What the exercise asks:
The full set of entries below needs to be written out exactly.

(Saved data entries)
(* The bound uses [ln x <= ln c + x / c - 1] for [x = 1 / t] and [c = (l + 1) / mu]. *)
Lemma Cnorm_exp_bweight_rayPI l mu t thp : 0 <= l -> 0 < mu -> 0 < t < 1 -> cos thp = -1 ->
  Cnorm (Cexp (Copp (bweight l mu t thp))) <= exp (l * (ln ((l + 1) / mu) - 1) + mu).
Proof.
  intros Hl Hmu Ht Hc; rewrite Cnorm_exp; apply exp_le_compat; cbn; rewrite Hc.
  set (c := (l + 1) / mu); assert (Hc0 : 0 < c) by (apply Rdiv_lt_0_compat; lra).
  set (x := / t); assert (Hx : 0 < x) by (apply Rinv_0_lt_compat; lra).
  assert (Hlnx : - ln t = ln x) by (unfold x; rewrite ln_Rinv; lra).
  assert (Hlog : ln x <= ln c + x / c - 1).
  { pose proof (ln_le_sub1 (x / c) ltac:(apply Rdiv_lt_0_compat; auto)).
    unfold Rdiv in *; rewrite ln_mult, ln_Rinv in H by (auto; apply Rinv_0_lt_compat; auto).
    lra. }
  assert (Hlin : l * (x / c) <= mu * x).
  { unfold c; replace (l * (x / ((l + 1) / mu))) with (mu * x * (l / (l + 1))) by (field; lra).
    rewrite <- (Rmult_1_r (mu * x)) at 2; apply Rmult_le_compat_l; [nra|].
    apply Rmult_le_reg_r with (l + 1); [lra|]; unfold Rdiv; rewrite Rmult_assoc, Rinv_l; lra. }
  assert (mu * -1 / t = - (mu * x)) by (unfold x; field; lra).
  nra.
Qed.

(** * Uniqueness of the normalising gauge *)

(* [adj_mul h k] is adj(h) k; in particular [m22 (adj_mul h h)] is det h. *)
Definition adj_mul (h k : MatFun) : MatFun :=
  {| m11 := fun z => Csub (Cmul (m22 h z) (m11 k z)) (Cmul (m12 h z) (m21 k z));
     m12 := fun z => Csub (Cmul (m22 h z) (m12 k z)) (Cmul (m12 h z) (m22 k z));
     m21 := fun z => Csub (Cmul (m11 h z) (m21 k z)) (Cmul (m21 h z) (m11 k z));
     m22 := fun z => Csub (Cmul (m11 h z) (m22 k z)) (Cmul (m21 h z) (m12 k z)) |}.

Lemma adj_mul_path_rderiv omega l mu S h k g s v :
  gauge_eq omega l mu S h -> gauge_eq omega l mu S k -> S (g s) -> has_rderiv g s v ->
  let bv := Cmul (bcoef l mu (g s)) v in
  has_rderiv (fun t => m11 (adj_mul h k) (g t)) s C0 /\
  has_rderiv (fun t => m12 (adj_mul h k) (g t)) s (Cmul bv (m12 (adj_mul h k) (g s))) /\
  has_rderiv (fun t => m21 (adj_mul h k) (g t)) s (Cmul (Copp bv) (m21 (adj_mul h k) (g s))) /\
  has_rderiv (fun t => m22 (adj_mul h k) (g t)) s C0.
Proof.
  intros Gh Gk HS Hg bv.
  destruct (Gh _ HS) as (h11 & h12 & h21 & h22); destruct (Gk _ HS) as (k11 & k12 & k21 & k22).
  apply (has_rderiv_comp _ _ _ _ _ Hg) in h11, h12, h21, h22, k11, k12, k21, k22.
  unfold bv; cbn [adj_mul m11 m12 m21 m22].
  split; [|split; [|split]];
    (eapply has_rderiv_eq;
       [apply has_rderiv_sub; apply has_rderiv_mul; eassumption | cbv beta; ring]).
Qed.

Definition radially_normalizing (omega l mu al be : R) (H : MatFun) : Prop :=
  gauge_eq omega l mu (in_sector al be) H /\
  forall th, al < th < be ->
    lim_right0 (fun t => m11 H (polar t th)) Defs.C1 /\
    lim_right0 (fun t => m12 H (polar t th)) C0 /\
    lim_right0 (fun t => m21 H (polar t th)) C0 /\
    lim_right0 (fun t => m22 H (polar t th)) Defs.C1.

Section Uniqueness.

Your solution:
(* The bound uses [ln x <= ln c + x / c - 1] for [x = 1 / t] and [c = (l + 1) / mu]. *)
Lemma Cnorm_exp_bweight_rayPI l mu t thp : 0 <= l -> 0 < mu -> 0 < t < 1 -> cos thp = -1 ->
  Cnorm (Cexp (Copp (bweight l mu t thp))) <= exp (l * (ln ((l + 1) / mu) - 1) + mu).
Proof.
  intros Hl Hmu Ht Hc; rewrite Cnorm_exp; apply exp_le_compat; cbn; rewrite Hc.
  set (c := (l + 1) / mu); assert (Hc0 : 0 < c) by (apply Rdiv_lt_0_compat; lra).
  set (x := / t); assert (Hx : 0 < x) by (apply Rinv_0_lt_compat; lra).
  assert (Hlnx : - ln t = ln x) by (unfold x; rewrite ln_Rinv; lra).
  assert (Hlog : ln x <= ln c + x / c - 1).
  { pose proof (ln_le_sub1 (x / c) ltac:(apply Rdiv_lt_0_compat; auto)).
    unfold Rdiv in *; rewrite ln_mult, ln_Rinv in H by (auto; apply Rinv_0_lt_compat; auto).
    lra. }
  assert (Hlin : l * (x / c) <= mu * x).
  { unfold c; replace (l * (x / ((l + 1) / mu))) with (mu * x * (l / (l + 1))) by (field; lra).
    rewrite <- (Rmult_1_r (mu * x)) at 2; apply Rmult_le_compat_l; [nra|].
    apply Rmult_le_reg_r with (l + 1); [lra|]; unfold Rdiv; rewrite Rmult_assoc, Rinv_l; lra. }
  assert (mu * -1 / t = - (mu * x)) by (unfold x; field; lra).
  nra.
Qed.

(** * Uniqueness of the normalising gauge *)

(* [adj_mul h k] is adj(h) k; in particular [m22 (adj_mul h h)] is det h. *)
Definition adj_mul (h k : MatFun) : MatFun :=
  {| m11 := fun z => Csub (Cmul (m22 h z) (m11 k z)) (Cmul (m12 h z) (m21 k z));
     m12 := fun z => Csub (Cmul (m22 h z) (m12 k z)) (Cmul (m12 h z) (m22 k z));
     m21 := fun z => Csub (Cmul (m11 h z) (m21 k z)) (Cmul (m21 h z) (m11 k z));
     m22 := fun z => Csub (Cmul (m11 h z) (m22 k z)) (Cmul (m21 h z) (m12 k z)) |}.

Lemma adj_mul_path_rderiv omega l mu S h k g s v :
  gauge_eq omega l mu S h -> gauge_eq omega l mu S k -> S (g s) -> has_rderiv g s v ->
  let bv := Cmul (bcoef l mu (g s)) v in
  has_rderiv (fun t => m11 (adj_mul h k) (g t)) s C0 /\
  has_rderiv (fun t => m12 (adj_mul h k) (g t)) s (Cmul bv (m12 (adj_mul h k) (g s))) /\
  has_rderiv (fun t => m21 (adj_mul h k) (g t)) s (Cmul (Copp bv) (m21 (adj_mul h k) (g s))) /\
  has_rderiv (fun t => m22 (adj_mul h k) (g t)) s C0.
Proof.
  intros Gh Gk HS Hg bv.
  destruct (Gh _ HS) as (h11 & h12 & h21 & h22); destruct (Gk _ HS) as (k11 & k12 & k21 & k22).
  apply (has_rderiv_comp _ _ _ _ _ Hg) in h11, h12, h21, h22, k11, k12, k21, k22.
  unfold bv; cbn [adj_mul m11 m12 m21 m22].
  split; [|split; [|split]];
    (eapply has_rderiv_eq;
       [apply has_rderiv_sub; apply has_rderiv_mul; eassumption | cbv beta; ring]).
Qed.

Definition radially_normalizing (omega l mu al be : R) (H : MatFun) : Prop :=
  gauge_eq omega l mu (in_sector al be) H /\
  forall th, al < th < be ->
    lim_right0 (fun t => m11 H (polar t th)) Defs.C1 /\
    lim_right0 (fun t => m12 H (polar t th)) C0 /\
    lim_right0 (fun t => m21 H (polar t th)) C0 /\
    lim_right0 (fun t => m22 H (polar t th)) Defs.C1.

Section Uniqueness.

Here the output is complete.